Background information
- Also known as: Iso H, Hoo
- Born: Carl Henrik Rosenberg 11 January 1979 (age 47) Helsinki, Finland
- Genres: Hip hop
- Occupations: Rapper; singer; record producer; entrepreneur;
- Years active: 1997–present
- Label: Rähinä Records
- Website: www.rahina.com/artistit/iso-h

= Iso H =

Finnish rap musician

Iso H (real name: Carl Henrik Rosenberg), born 11 January 1979 in Helsinki, is a Finnish rapper. Together with his colleague Elastinen, he formed the Finnish rap band Fintelligens.

== Imprisonment ==
On 30 June 2005, Iso H was sentenced to six and a half months in prison for refusing to enlist in the Finnish defence force or equivalent civilian service. He started serving his sentence on 20 March 2006 in a labour prison in Helsinki. He was released on 4 October 2006.
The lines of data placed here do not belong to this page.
Lemma big_divisors_pairs (op : Monoid.com_law idx) (F : nat -> nat -> R) n :
  \big[op/idx]_(1 <= i < n.+1) \big[op/idx]_(d <- divisors i) F d (i %/ d) =
  \big[op/idx]_(1 <= a < n.+1) \big[op/idx]_(1 <= b < n.+1 | a * b <= n) F a b.
Proof.
transitivity (\big[op/idx]_(1 <= i < n.+1) \big[op/idx]_(1 <= d < n.+1 | d %| i)
                F d (i %/ d)).
  apply: eq_big_nat => i /andP[i_gt0 le_in].
  rewrite big_divisors_nat // (big_nat_widen _ _ _ _ _ le_in).
  apply: eq_bigl => d; apply: andb_idr => /dvdn_leq; rewrite ltnS; exact.
rewrite (exchange_big_dep_nat predT) //=; apply: eq_big_nat => a /andP[a_gt0 _].
rewrite big_nat_multiples //; under eq_bigr do rewrite mulKn //.
rewrite (big_nat_widen _ _ n.+1) ?ltnS ?leq_div //; apply: eq_bigl => b.
by rewrite ltnS leq_divRL // mulnC.
Qed.

Lemma big_nat_widen_idx (op : Monoid.law idx) (F : nat -> R) m n1 n2 :
  m <= n1 <= n2 -> (forall i, n1 <= i < n2 -> F i = idx) ->
  \big[op/idx]_(m <= i < n2) F i = \big[op/idx]_(m <= i < n1) F i.
Proof.
case/andP=> le_mn1 le_n12 F_idx; rewrite (big_cat_nat le_mn1 le_n12) /=.
rewrite [X in op _ X]big_nat_cond [X in op _ X]big1 ?Monoid.mulm1 // => i.
by case/andP=> /F_idx.
Qed.

End NatRangeBig.

Lemma sum_sym_square m N (F : nat -> nat -> nat) : (forall a b, F a b = F b a) ->
  \sum_(m <= a < N) \sum_(m <= b < N) F a b =
  \sum_(m <= a < N) F a a + 2 * \sum_(m <= a < N) \sum_(a.+1 <= b < N) F a b.
Proof.
move=> F_sym; elim: N => [|N IHN]; first by rewrite !big_geq.
have [lt_Nm | le_mN] := ltnP N m; first by rewrite !big_geq.
have upper_split : \sum_(m <= a < N.+1) \sum_(a.+1 <= b < N.+1) F a b =
    \sum_(m <= a < N) \sum_(a.+1 <= b < N) F a b + \sum_(m <= a < N) F a N.
  rewrite big_nat_recr //= (big_geq (leqnn N.+1)) addn0 -big_split.
  by apply: eq_big_nat => a /andP[_ lt_aN]; rewrite big_nat_recr.
rewrite upper_split [in RHS]big_nat_recr //= big_nat_recr //=.
under eq_bigr do rewrite big_nat_recr //=.
rewrite big_split /= big_nat_recr //= (eq_bigr _ (fun b _ => F_sym N b)) IHN.
lia.
Qed.

Definition coprime_pairs n :=
  \sum_(1 <= a < n.+1) \sum_(1 <= b < n.+1) ((a * b <= n) && coprime a b).

Definition coprime_partners n a :=
  \sum_(a.+1 <= b < n.+1) ((a * b <= n) && coprime a b).

Lemma sum_two_pow_omega n : \sum_(1 <= i < n.+1) 2 ^ omega i = coprime_pairs n.
Proof.
transitivity (\sum_(1 <= a < n.+1) \sum_(1 <= b < n.+1 | a * b <= n) coprime a b).
  rewrite -big_divisors_pairs; apply: eq_big_nat => i /andP[i_gt0 _].
  by rewrite sum_unitary_divisors.
by apply: eq_bigr => a _; rewrite big_mkcond; apply: eq_bigr => b _; case: leqP.
Qed.

Lemma coprime_pairs_partners n : 0 < n ->
  coprime_pairs n = 1 + 2 * \sum_(1 <= a < n.+1) coprime_partners n a.
Proof.
move=> n_gt0; rewrite /coprime_pairs sum_sym_square => [|a b]; last first.
  by rewrite mulnC coprime_sym.
congr (_ + _); rewrite big_ltn // muln1 n_gt0 big_nat_cond big1 // => a.
by case/andP=> /andP[a_gt1 _] _; rewrite /coprime gcdnn gtn_eqF ?andbF.
Qed.

Lemma phi2_totient a : 0 < a -> phi2 a a = totient a.
Proof.
move=> a_gt0; rewrite /phi2 totient_count_coprime big_nat_recr //= [RHS]big_ltn //.
rewrite /coprime gcdnn gcdn0 addnC; congr (_ + _).
by apply: eq_bigr => k _; rewrite gcdnC.
Qed.

Lemma phi2_div_partners n a : 0 < a -> a * a <= n ->
  phi2 (n %/ a) a = totient a + coprime_partners n a.
Proof.
move=> a_gt0 le_aa_n; have le_a_na : a <= n %/ a by rewrite leq_divRL.
rewrite /phi2 (@big_cat_nat _ _ _ a.+1) ?ltnS //= -/(phi2 a a) phi2_totient //.
congr (_ + _).
rewrite /coprime_partners (big_nat_widen _ _ n.+1) ?ltnS ?leq_div // big_mkcond /=.
by apply: eq_bigr => b _; rewrite ltnS leq_divRL // mulnC coprime_sym; case: leqP.
Qed.

Lemma coprime_partners_eq0 n a : 0 < a -> n <= a * a -> coprime_partners n a = 0.
Proof.
move=> a_gt0 le_n_aa; rewrite /coprime_partners big_nat_cond big1 // => b.
case/andP=> /andP[lt_ab _] _.
have lt_n_ab : n < a * b by rewrite (leq_ltn_trans le_n_aa) // ltn_pmul2l.
by rewrite leqNgt lt_n_ab.
Qed.

Lemma coprime_partners1 n : coprime_partners n 1 = n.-1.
Proof.
rewrite /coprime_partners (eq_big_nat _ _ (F2 := fun=> 1)) => [|b /andP[_ le_bn]].
  by rewrite sum_nat_const_nat muln1 subSS subn1.
by rewrite mul1n -ltnS le_bn coprime1n.
Qed.

Lemma D2_widen M K : M <= K ->
  \sum_(1 <= a < K.+1) \sum_(1 <= b < K.+1) (a * b <= M) = D2 M.
Proof.
move=> le_MK; rewrite /D2 (@big_nat_widen_idx _ _ _ _ 1 M.+1) => [|//|a /andP[lt_Ma _]].
  apply: eq_big_nat => a /andP[a_gt0 _].
  apply: big_nat_widen_idx => [//|b /andP[lt_Mb _]].
  by rewrite leqNgt (leq_trans lt_Mb) // leq_pmull.
rewrite big_nat_cond big1 // => b /andP[/andP[b_gt0 _] _].
by rewrite leqNgt (leq_trans lt_Ma) // leq_pmulr.
Qed.

Lemma D2_multiples n d : 0 < d ->
  \sum_(1 <= a < n.+1) \sum_(1 <= b < n.+1) [&& a * b <= n, d %| a & d %| b]
  = D2 (n %/ (d * d)).
Proof.
move=> d_gt0.
transitivity (\sum_(1 <= a < n.+1 | d %| a) \sum_(1 <= b < n.+1 | d %| b) (a * b <= n)).
  rewrite [RHS]big_mkcond; apply: eq_bigr => a _.
  case: (d %| a); last by rewrite big1 // => b _; rewrite andbF.
  rewrite [RHS]big_mkcond; apply: eq_bigr => b _.
  by case: (d %| b); rewrite ?andbT ?andbF.
rewrite big_nat_multiples //; under eq_bigr do rewrite big_nat_multiples //.
rewrite -(@D2_widen _ (n %/ d)) ?divnMA ?leq_div //.
apply: eq_bigr => c _; apply: eq_bigr => e _.
by rewrite -divnMA leq_divRL ?muln_gt0 ?d_gt0 // mulnACA [c * e * _]mulnC.
Qed.

Local Open Scope ring_scope.

Lemma Posz_sum I r (P : pred I) (F : I -> nat) :
  (\sum_(i <- r | P i) F i)%N%:Z = \sum_(i <- r | P i) (F i)%:Z.
Proof. exact: (big_morph Posz PoszD). Qed.

Lemma coprime_pairs_phi2 n : (0 < n)%N ->
  (coprime_pairs n)%:Z = (2 * n - 1)%N%:Z
    + 2 * \sum_(2 <= i < n.+1 | (i * i < n)%N) ((phi2 (n %/ i) i)%:Z - (totient i)%:Z).
Proof.
move=> n_gt0.
have -> : \sum_(2 <= i < n.+1 | (i * i < n)%N) ((phi2 (n %/ i) i)%:Z - (totient i)%:Z)
        = (\sum_(2 <= a < n.+1) coprime_partners n a)%N%:Z.
  rewrite Posz_sum big_mkcond; apply: eq_big_nat => a /andP[a_gt1 _].
  case: ltnP => [lt_aa_n | le_n_aa]; last by rewrite coprime_partners_eq0 // ltnW.
  by rewrite phi2_div_partners ?(ltnW a_gt1) ?(ltnW lt_aa_n) // PoszD addrC addKr.
rewrite coprime_pairs_partners // big_ltn // coprime_partners1; lia.
Qed.

Lemma coprime_mobius N a b : (0 < a <= N)%N ->
  (coprime a b)%:Z = \sum_(1 <= d < N.+1) ((d %| a) && (d %| b))%N%:Z * mobius d.
Proof.
case/andP=> a_gt0 le_aN; have g_gt0 : (0 < gcdn a b)%N by rewrite gcdn_gt0 a_gt0.
have le_gN : (gcdn a b <= N)%N := leq_trans (dvdn_leq a_gt0 (dvdn_gcdl a b)) le_aN.
rewrite /coprime -sum_mobius_divisors // big_divisors_nat // (big_nat_widen _ _ N.+1) //.
rewrite big_mkcond; apply: eq_bigr => d _; rewrite -dvdn_gcd.
have [dv_dg | _] := boolP (d %| gcdn a b)%N; last by rewrite mul0r.
by rewrite ltnS (dvdn_leq g_gt0 dv_dg) mul1r.
Qed.

Lemma coprime_pairs_mobius n :
  (coprime_pairs n)%:Z
  = \sum_(1 <= i < n.+1 | (i * i <= n)%N) mobius i * (D2 (n %/ (i * i)))%:Z.
Proof.
transitivity (\sum_(1 <= d < n.+1) mobius d * (D2 (n %/ (d * d)))%:Z); last first.
  rewrite [RHS]big_mkcond; apply: eq_bigr => d _; case: leqP => // lt_n_dd.
  by rewrite divn_small // /D2 big_geq // mulr0.
transitivity (\sum_(1 <= a < n.+1) \sum_(1 <= b < n.+1) \sum_(1 <= d < n.+1)
                ([&& a * b <= n, d %| a & d %| b])%N%:Z * mobius d).
  rewrite /coprime_pairs Posz_sum; apply: eq_big_nat => a /andP[a_gt0 lt_an].
  rewrite Posz_sum; apply: eq_bigr => b _.
  rewrite -mulnb PoszM (@coprime_mobius n) ?a_gt0 // mulr_sumr.
  by apply: eq_bigr => d _; rewrite mulrA -PoszM mulnb.
under eq_bigr do rewrite exchange_big /=.
rewrite exchange_big /=; apply: eq_big_nat => d /andP[d_gt0 _].
rewrite -D2_multiples // Posz_sum mulr_sumr; apply: eq_bigr => a _.
by rewrite Posz_sum mulr_sumr; apply: eq_bigr => b _; rewrite mulrC.
Qed.

Theorem mainTheorem5 (n : nat) : (0 < n)%N ->
  ((\sum_(1 <= i < n.+1) 2 ^ omega i)%N%:Z
     = \sum_(1 <= i < n.+1 | (i * i <= n)%N) mobius i * (D2 (n %/ (i * i)))%:Z)
  /\
  ((\sum_(1 <= i < n.+1) 2 ^ omega i)%N%:Z
     = (2 * n - 1)%N%:Z
       + 2 * \sum_(2 <= i < n.+1 | (i * i < n)%N)
               ((phi2 (n %/ i) i)%:Z - (totient i)%:Z)).
Proof.
move=> n_gt0; rewrite sum_two_pow_omega.
by split; [exact: coprime_pairs_mobius | exact: coprime_pairs_phi2].
Qed.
He released his first solo album, "Lähelle on pitkä matka," on 4 May 2007.

==Discography==
Fintelligens albums
- Renesanssi (2000)
- Tän Tahtiin (2001)
- Kokemusten Summa (2002)
- Nää Vuodet 1997–2003 (2003)
- Lisää (2008)
- Mun Tie Tai Maantie (2010)

Solo albums
- Lähelle on Pitkä Matka (2007)

Solo singles
- 24H (2007)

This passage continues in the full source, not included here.